• REQUIRED ACTION: Using the listing below, please count the lines that contain the string "mulIf". Only the number is wanted.

• LISTED ENTRIES:
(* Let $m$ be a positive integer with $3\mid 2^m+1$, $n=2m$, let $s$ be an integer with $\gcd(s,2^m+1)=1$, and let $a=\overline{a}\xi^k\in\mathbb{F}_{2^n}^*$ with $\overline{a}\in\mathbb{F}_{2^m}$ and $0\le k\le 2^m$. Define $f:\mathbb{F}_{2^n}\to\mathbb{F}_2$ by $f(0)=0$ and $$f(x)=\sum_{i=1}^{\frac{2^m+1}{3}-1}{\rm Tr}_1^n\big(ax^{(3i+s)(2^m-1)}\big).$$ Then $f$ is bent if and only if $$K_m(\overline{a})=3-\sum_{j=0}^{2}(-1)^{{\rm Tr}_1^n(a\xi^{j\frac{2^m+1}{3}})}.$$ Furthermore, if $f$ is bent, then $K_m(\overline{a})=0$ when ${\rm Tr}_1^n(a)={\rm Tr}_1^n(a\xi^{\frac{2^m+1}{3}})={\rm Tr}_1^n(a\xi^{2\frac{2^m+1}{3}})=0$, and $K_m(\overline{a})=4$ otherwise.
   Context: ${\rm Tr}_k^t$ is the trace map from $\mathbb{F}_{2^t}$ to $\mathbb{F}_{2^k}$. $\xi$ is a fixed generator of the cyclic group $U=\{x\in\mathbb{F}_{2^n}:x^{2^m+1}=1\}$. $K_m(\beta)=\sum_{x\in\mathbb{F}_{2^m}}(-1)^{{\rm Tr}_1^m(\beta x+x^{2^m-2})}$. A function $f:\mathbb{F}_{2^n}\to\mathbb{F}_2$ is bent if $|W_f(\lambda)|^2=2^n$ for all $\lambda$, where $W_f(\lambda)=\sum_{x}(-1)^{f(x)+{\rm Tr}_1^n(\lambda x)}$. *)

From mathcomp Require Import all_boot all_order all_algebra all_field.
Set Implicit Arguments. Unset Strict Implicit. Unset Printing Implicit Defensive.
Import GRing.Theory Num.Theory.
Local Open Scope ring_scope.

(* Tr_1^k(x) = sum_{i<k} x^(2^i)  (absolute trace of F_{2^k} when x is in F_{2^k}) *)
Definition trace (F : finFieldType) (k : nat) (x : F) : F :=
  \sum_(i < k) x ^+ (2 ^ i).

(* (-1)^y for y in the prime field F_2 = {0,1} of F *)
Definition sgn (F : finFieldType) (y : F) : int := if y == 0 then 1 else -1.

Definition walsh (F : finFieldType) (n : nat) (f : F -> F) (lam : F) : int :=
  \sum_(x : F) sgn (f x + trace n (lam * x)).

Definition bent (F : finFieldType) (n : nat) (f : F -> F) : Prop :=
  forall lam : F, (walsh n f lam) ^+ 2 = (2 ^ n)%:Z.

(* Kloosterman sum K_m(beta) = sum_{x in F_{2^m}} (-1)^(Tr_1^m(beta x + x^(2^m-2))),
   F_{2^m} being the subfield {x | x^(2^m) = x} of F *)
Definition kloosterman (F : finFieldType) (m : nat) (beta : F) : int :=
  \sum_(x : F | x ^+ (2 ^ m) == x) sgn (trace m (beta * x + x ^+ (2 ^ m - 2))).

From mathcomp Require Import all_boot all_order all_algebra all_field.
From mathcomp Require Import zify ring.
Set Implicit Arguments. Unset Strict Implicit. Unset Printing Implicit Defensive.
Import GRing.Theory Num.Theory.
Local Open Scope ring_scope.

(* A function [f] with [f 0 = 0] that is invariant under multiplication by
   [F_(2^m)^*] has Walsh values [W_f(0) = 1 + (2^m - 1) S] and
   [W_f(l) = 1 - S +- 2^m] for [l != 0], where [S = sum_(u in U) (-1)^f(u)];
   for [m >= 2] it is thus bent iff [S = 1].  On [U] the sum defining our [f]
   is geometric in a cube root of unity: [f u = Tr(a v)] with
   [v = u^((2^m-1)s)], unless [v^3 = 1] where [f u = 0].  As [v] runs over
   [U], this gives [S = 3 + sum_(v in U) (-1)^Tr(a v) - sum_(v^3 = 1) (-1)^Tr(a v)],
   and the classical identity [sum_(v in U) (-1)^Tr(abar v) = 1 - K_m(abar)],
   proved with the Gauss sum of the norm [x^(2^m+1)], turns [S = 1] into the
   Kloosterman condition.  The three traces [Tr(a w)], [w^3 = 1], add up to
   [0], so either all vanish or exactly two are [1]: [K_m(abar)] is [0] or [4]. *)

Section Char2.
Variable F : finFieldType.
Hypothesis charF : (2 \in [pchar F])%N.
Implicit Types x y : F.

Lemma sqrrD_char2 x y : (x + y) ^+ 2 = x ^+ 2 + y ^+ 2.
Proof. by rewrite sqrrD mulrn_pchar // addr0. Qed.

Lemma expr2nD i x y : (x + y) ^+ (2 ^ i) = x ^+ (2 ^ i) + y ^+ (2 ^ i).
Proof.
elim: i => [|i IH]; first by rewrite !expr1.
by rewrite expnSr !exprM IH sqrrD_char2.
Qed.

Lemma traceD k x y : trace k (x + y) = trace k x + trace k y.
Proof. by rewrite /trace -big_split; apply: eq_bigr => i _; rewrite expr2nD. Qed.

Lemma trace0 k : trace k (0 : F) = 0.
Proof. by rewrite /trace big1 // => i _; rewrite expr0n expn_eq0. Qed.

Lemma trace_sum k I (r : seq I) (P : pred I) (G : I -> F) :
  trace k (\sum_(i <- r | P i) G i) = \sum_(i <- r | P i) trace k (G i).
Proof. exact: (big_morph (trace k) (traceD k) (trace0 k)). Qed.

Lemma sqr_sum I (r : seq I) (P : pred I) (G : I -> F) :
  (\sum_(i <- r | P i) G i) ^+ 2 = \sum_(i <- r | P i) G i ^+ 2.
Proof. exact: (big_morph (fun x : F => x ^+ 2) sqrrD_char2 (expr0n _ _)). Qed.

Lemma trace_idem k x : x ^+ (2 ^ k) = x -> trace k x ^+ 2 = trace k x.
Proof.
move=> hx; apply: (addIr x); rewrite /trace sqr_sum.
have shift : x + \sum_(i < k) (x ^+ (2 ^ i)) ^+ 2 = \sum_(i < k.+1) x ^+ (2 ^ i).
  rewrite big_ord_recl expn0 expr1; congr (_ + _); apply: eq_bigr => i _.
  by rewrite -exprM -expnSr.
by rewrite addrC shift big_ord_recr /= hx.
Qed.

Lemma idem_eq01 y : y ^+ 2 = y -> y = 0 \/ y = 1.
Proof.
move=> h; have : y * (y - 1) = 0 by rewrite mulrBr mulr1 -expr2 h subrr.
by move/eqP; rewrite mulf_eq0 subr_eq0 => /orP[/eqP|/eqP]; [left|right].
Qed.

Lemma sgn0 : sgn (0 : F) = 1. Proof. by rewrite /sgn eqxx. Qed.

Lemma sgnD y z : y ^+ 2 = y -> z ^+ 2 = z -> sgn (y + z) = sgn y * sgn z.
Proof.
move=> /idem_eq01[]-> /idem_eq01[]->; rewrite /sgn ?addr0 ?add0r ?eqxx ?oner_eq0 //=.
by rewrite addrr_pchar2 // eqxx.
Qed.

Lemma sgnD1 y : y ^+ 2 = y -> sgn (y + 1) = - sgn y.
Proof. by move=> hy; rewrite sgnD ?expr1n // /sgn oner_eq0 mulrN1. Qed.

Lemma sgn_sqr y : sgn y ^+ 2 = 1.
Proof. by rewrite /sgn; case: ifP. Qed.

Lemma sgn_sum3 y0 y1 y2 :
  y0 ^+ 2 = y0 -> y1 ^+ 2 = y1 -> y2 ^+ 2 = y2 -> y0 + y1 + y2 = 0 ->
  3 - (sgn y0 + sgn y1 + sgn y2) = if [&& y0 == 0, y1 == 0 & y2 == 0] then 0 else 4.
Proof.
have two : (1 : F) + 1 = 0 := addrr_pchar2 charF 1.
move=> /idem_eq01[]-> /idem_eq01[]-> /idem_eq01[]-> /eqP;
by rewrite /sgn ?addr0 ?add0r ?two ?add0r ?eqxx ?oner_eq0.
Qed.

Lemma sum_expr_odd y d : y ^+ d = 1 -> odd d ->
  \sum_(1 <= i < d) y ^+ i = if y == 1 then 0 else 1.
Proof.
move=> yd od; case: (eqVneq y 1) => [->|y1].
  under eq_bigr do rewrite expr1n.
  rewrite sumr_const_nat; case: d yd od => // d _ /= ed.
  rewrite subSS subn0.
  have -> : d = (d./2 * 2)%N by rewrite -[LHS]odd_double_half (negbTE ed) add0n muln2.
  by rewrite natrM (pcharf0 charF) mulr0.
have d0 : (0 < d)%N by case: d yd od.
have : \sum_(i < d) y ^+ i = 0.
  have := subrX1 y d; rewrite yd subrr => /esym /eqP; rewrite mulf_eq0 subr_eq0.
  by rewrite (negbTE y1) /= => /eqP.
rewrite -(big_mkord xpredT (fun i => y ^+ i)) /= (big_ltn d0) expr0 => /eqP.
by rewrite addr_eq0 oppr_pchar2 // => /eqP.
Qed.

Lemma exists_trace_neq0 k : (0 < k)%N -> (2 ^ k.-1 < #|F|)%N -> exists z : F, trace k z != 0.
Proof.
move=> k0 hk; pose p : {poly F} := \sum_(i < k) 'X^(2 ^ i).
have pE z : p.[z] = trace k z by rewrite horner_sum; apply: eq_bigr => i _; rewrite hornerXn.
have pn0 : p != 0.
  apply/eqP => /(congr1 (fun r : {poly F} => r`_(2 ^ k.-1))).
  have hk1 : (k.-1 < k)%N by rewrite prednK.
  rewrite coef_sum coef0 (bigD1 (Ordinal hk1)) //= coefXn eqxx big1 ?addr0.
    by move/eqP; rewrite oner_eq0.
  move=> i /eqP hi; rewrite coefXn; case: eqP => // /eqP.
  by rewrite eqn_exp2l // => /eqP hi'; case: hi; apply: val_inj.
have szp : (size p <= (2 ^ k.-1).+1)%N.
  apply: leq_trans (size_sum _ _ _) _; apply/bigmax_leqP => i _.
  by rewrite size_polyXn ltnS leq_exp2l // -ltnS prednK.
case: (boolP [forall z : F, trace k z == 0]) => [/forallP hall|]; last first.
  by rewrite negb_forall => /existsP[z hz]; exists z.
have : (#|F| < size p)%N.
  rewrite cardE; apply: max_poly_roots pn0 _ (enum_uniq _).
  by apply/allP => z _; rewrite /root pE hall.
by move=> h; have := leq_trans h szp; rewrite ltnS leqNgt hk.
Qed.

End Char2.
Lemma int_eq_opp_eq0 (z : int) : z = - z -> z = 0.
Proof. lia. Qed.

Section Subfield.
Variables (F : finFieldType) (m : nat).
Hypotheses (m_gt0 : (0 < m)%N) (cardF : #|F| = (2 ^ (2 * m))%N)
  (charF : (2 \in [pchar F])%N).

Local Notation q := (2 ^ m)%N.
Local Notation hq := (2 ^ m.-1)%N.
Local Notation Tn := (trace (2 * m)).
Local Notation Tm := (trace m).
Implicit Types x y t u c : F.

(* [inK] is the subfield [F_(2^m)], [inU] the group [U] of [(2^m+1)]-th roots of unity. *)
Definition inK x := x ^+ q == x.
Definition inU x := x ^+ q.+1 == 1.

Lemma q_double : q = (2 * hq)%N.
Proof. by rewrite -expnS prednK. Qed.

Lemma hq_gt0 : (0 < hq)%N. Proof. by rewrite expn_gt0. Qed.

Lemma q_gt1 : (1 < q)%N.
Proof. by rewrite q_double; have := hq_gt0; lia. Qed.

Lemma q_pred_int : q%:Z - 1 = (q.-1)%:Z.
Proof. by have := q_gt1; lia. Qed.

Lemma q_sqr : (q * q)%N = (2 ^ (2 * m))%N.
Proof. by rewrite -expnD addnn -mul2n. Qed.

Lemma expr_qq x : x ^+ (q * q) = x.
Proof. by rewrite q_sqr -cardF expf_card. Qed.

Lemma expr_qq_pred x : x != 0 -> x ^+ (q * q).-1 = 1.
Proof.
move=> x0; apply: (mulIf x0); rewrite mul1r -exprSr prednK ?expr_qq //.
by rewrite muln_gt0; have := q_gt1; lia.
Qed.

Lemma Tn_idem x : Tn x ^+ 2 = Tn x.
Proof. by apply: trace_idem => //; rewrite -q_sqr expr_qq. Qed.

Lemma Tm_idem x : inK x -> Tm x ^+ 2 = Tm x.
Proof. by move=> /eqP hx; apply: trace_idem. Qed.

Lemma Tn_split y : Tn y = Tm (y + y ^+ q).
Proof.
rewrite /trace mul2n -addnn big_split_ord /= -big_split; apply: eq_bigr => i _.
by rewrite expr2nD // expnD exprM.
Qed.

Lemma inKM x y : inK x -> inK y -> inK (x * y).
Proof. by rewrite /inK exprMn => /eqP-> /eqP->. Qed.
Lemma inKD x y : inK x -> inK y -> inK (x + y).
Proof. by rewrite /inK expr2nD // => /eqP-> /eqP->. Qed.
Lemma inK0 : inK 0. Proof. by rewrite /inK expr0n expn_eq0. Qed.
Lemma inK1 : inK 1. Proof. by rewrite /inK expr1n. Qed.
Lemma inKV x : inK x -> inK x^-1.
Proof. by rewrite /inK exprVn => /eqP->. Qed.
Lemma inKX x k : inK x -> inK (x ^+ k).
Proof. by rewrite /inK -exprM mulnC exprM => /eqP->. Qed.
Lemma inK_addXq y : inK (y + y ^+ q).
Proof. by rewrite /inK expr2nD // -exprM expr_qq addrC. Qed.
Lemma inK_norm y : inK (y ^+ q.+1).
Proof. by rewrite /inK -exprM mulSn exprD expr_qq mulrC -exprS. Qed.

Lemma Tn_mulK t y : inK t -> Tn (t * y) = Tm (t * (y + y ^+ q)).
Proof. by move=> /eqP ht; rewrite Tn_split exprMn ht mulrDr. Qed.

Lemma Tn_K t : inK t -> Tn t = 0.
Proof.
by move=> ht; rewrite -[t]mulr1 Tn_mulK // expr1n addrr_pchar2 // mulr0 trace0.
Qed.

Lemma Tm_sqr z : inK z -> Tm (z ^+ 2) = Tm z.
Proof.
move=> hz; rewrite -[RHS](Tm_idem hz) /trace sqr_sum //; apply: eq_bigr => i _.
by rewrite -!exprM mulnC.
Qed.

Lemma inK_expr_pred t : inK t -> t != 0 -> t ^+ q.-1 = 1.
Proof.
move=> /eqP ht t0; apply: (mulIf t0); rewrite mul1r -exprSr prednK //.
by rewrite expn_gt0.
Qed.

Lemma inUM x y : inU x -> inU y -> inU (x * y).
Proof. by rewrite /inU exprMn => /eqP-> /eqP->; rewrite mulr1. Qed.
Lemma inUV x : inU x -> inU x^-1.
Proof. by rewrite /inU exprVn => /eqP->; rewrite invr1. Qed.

...

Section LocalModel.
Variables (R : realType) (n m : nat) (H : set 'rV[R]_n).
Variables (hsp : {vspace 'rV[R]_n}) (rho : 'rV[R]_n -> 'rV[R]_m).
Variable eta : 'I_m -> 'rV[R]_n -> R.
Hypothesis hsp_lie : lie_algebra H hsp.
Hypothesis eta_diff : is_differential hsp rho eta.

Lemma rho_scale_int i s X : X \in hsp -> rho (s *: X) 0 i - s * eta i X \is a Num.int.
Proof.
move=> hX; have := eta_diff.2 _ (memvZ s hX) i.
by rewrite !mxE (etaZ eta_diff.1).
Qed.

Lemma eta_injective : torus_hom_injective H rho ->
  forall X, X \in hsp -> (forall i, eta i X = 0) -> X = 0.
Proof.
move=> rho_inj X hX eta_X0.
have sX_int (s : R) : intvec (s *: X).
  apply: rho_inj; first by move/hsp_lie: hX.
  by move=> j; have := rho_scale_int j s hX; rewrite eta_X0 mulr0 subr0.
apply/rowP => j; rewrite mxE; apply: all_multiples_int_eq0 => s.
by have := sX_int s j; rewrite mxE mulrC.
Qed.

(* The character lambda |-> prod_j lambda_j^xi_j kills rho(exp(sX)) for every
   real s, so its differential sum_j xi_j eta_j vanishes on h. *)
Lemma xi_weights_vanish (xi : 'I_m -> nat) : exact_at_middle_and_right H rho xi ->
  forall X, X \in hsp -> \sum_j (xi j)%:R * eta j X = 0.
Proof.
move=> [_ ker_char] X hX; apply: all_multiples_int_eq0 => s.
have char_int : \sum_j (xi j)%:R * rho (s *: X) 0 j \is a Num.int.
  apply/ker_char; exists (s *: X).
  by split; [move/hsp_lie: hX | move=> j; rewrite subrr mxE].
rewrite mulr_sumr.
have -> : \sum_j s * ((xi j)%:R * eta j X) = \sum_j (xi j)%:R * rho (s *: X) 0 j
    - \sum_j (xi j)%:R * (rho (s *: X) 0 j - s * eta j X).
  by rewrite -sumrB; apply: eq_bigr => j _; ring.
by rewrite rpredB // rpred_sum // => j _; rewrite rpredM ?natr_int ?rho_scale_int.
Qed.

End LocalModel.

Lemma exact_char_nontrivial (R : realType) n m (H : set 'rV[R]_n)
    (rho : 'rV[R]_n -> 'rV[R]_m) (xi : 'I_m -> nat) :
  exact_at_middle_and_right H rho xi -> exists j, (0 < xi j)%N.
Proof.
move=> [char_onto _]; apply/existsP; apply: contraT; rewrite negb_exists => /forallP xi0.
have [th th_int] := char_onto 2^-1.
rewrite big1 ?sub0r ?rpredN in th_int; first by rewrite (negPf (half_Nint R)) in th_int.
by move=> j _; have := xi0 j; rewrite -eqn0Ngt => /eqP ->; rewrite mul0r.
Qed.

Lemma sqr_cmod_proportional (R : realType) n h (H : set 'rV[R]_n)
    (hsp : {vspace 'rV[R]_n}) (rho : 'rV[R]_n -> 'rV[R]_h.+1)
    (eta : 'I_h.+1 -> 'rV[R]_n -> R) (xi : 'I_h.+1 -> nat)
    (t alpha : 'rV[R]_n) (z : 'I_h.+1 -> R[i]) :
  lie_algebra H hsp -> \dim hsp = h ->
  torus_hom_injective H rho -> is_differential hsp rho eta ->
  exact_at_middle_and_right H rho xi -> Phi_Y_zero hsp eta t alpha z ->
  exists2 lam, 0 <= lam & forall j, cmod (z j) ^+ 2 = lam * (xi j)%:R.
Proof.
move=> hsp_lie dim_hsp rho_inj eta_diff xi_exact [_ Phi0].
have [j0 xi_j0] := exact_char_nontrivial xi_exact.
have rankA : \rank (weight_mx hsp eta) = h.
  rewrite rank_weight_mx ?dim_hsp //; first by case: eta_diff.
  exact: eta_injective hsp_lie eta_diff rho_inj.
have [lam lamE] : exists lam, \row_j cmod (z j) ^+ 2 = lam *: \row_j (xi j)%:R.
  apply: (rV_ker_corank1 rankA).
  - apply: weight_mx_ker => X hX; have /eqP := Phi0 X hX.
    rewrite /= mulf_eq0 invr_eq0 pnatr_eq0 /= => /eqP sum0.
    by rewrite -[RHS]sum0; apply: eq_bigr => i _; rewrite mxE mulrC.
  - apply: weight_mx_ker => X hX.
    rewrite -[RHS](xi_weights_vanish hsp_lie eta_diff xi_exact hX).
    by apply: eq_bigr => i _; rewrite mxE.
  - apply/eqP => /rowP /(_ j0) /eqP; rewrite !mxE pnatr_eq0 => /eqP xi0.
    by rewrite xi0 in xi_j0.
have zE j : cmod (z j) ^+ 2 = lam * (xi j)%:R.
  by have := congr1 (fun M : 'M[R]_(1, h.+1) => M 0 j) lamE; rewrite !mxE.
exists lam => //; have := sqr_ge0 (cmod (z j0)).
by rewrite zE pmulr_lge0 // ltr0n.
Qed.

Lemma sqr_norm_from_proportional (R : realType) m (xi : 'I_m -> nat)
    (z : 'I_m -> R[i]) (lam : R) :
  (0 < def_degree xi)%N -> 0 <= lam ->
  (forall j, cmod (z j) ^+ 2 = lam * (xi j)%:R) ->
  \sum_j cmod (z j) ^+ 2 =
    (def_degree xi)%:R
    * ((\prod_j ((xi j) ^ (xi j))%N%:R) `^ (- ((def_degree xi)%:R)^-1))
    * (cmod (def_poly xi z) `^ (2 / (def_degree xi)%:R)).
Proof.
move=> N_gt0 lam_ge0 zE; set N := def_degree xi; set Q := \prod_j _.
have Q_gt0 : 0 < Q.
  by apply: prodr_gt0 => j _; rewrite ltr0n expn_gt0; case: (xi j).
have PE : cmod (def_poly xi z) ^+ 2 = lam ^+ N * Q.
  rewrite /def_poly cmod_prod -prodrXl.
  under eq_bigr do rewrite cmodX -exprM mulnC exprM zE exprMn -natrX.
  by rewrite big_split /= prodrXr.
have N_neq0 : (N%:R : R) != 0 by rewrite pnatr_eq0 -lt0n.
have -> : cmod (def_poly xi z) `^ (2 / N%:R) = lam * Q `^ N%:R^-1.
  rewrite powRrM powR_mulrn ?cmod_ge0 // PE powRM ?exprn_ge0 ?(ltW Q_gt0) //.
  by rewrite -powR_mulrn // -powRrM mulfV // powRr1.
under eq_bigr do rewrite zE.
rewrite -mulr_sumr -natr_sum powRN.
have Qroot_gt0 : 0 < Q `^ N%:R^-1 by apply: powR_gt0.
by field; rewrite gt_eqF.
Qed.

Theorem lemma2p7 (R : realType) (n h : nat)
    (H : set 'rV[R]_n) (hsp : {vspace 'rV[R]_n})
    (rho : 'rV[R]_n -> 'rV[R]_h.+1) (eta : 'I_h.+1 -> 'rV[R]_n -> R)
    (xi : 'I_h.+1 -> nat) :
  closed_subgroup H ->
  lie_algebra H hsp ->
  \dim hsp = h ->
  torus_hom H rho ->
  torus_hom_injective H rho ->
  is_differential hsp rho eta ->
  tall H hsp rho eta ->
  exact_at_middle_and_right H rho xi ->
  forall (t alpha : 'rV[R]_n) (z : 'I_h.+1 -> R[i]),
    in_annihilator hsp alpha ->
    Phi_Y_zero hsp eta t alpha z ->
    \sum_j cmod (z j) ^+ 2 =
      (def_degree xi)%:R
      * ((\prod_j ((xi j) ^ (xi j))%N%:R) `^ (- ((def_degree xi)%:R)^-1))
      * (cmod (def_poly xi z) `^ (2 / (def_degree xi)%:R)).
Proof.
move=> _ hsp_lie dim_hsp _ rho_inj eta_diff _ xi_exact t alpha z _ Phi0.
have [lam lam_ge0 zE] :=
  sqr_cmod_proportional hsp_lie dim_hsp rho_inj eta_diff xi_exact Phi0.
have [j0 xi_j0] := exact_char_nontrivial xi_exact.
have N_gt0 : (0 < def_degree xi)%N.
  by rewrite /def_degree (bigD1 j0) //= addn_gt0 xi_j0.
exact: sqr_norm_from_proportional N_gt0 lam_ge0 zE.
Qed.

• OUTPUT OF THE EXERCISE: 2